### Problem description
Scan the data below for lines containing the string "Import" and give only how many there are.

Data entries
================================
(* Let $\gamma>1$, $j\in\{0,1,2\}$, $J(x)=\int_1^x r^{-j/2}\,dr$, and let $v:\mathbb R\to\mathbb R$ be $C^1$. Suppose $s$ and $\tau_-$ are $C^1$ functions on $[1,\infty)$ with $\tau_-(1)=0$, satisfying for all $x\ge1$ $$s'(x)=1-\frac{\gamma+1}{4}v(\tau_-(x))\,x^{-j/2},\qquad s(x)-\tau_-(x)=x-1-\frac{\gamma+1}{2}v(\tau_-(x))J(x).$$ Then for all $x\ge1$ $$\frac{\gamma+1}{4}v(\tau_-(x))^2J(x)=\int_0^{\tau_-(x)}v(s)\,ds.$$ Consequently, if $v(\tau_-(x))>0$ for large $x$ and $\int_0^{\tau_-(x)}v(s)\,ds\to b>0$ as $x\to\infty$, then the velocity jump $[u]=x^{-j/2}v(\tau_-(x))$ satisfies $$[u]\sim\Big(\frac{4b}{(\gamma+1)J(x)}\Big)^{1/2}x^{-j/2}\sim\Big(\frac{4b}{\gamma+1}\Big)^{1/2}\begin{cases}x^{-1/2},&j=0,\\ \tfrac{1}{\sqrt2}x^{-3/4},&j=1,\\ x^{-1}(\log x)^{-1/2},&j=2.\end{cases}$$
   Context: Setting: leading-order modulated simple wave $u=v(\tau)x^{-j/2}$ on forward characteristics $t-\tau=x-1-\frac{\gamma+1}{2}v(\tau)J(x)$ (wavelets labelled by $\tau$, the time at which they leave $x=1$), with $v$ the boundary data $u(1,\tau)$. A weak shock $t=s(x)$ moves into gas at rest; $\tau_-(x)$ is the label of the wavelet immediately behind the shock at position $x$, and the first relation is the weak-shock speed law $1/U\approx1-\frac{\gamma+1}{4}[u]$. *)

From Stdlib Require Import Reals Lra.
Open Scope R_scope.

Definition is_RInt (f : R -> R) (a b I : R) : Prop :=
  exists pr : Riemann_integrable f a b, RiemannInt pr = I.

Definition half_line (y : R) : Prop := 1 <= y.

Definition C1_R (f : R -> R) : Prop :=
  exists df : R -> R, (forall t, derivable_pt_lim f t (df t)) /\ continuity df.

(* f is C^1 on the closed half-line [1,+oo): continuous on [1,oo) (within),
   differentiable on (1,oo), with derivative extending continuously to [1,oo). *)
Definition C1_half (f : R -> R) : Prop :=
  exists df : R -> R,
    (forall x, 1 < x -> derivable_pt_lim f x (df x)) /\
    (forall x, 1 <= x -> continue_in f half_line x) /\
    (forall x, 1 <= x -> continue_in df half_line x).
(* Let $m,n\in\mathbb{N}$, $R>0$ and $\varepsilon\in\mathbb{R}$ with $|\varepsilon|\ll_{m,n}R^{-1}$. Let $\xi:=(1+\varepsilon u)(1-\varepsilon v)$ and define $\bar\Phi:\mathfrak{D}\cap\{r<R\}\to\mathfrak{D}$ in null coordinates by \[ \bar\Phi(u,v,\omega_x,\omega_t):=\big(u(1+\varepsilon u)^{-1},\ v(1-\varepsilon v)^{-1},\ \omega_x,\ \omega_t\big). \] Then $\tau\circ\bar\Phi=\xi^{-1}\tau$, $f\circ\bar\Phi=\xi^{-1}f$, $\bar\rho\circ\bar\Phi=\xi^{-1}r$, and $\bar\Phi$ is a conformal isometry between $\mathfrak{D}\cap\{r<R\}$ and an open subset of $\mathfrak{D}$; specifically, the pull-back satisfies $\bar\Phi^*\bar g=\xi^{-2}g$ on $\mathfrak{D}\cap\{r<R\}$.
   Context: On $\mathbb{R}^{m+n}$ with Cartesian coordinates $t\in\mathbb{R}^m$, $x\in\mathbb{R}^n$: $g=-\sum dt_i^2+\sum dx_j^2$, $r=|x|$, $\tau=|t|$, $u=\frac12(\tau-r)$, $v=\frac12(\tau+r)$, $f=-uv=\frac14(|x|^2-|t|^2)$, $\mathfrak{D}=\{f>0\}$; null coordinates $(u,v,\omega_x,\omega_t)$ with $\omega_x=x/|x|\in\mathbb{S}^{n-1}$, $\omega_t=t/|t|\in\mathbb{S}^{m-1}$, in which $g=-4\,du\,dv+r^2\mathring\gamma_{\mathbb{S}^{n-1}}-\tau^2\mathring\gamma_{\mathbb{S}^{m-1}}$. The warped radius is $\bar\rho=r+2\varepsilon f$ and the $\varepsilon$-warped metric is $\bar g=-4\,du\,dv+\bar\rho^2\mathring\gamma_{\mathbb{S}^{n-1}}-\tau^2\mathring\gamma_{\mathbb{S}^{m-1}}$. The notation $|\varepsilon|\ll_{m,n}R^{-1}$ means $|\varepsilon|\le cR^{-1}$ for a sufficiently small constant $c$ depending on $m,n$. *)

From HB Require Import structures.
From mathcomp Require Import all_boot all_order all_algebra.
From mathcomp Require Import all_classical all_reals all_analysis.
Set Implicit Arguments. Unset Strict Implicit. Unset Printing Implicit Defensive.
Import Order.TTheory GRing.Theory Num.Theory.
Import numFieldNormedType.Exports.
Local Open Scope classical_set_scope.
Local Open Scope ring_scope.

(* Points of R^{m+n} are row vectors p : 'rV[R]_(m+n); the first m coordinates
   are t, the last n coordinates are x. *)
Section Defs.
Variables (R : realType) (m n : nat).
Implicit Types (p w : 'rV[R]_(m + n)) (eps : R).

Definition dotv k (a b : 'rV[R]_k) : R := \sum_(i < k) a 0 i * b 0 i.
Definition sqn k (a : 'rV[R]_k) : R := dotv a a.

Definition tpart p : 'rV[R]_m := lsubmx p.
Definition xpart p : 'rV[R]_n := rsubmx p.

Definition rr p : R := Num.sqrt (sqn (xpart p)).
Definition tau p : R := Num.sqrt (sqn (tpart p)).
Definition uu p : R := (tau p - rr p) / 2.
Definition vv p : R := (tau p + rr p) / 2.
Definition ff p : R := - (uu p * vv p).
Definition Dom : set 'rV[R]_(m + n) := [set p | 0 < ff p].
================================
### Solution to this task
6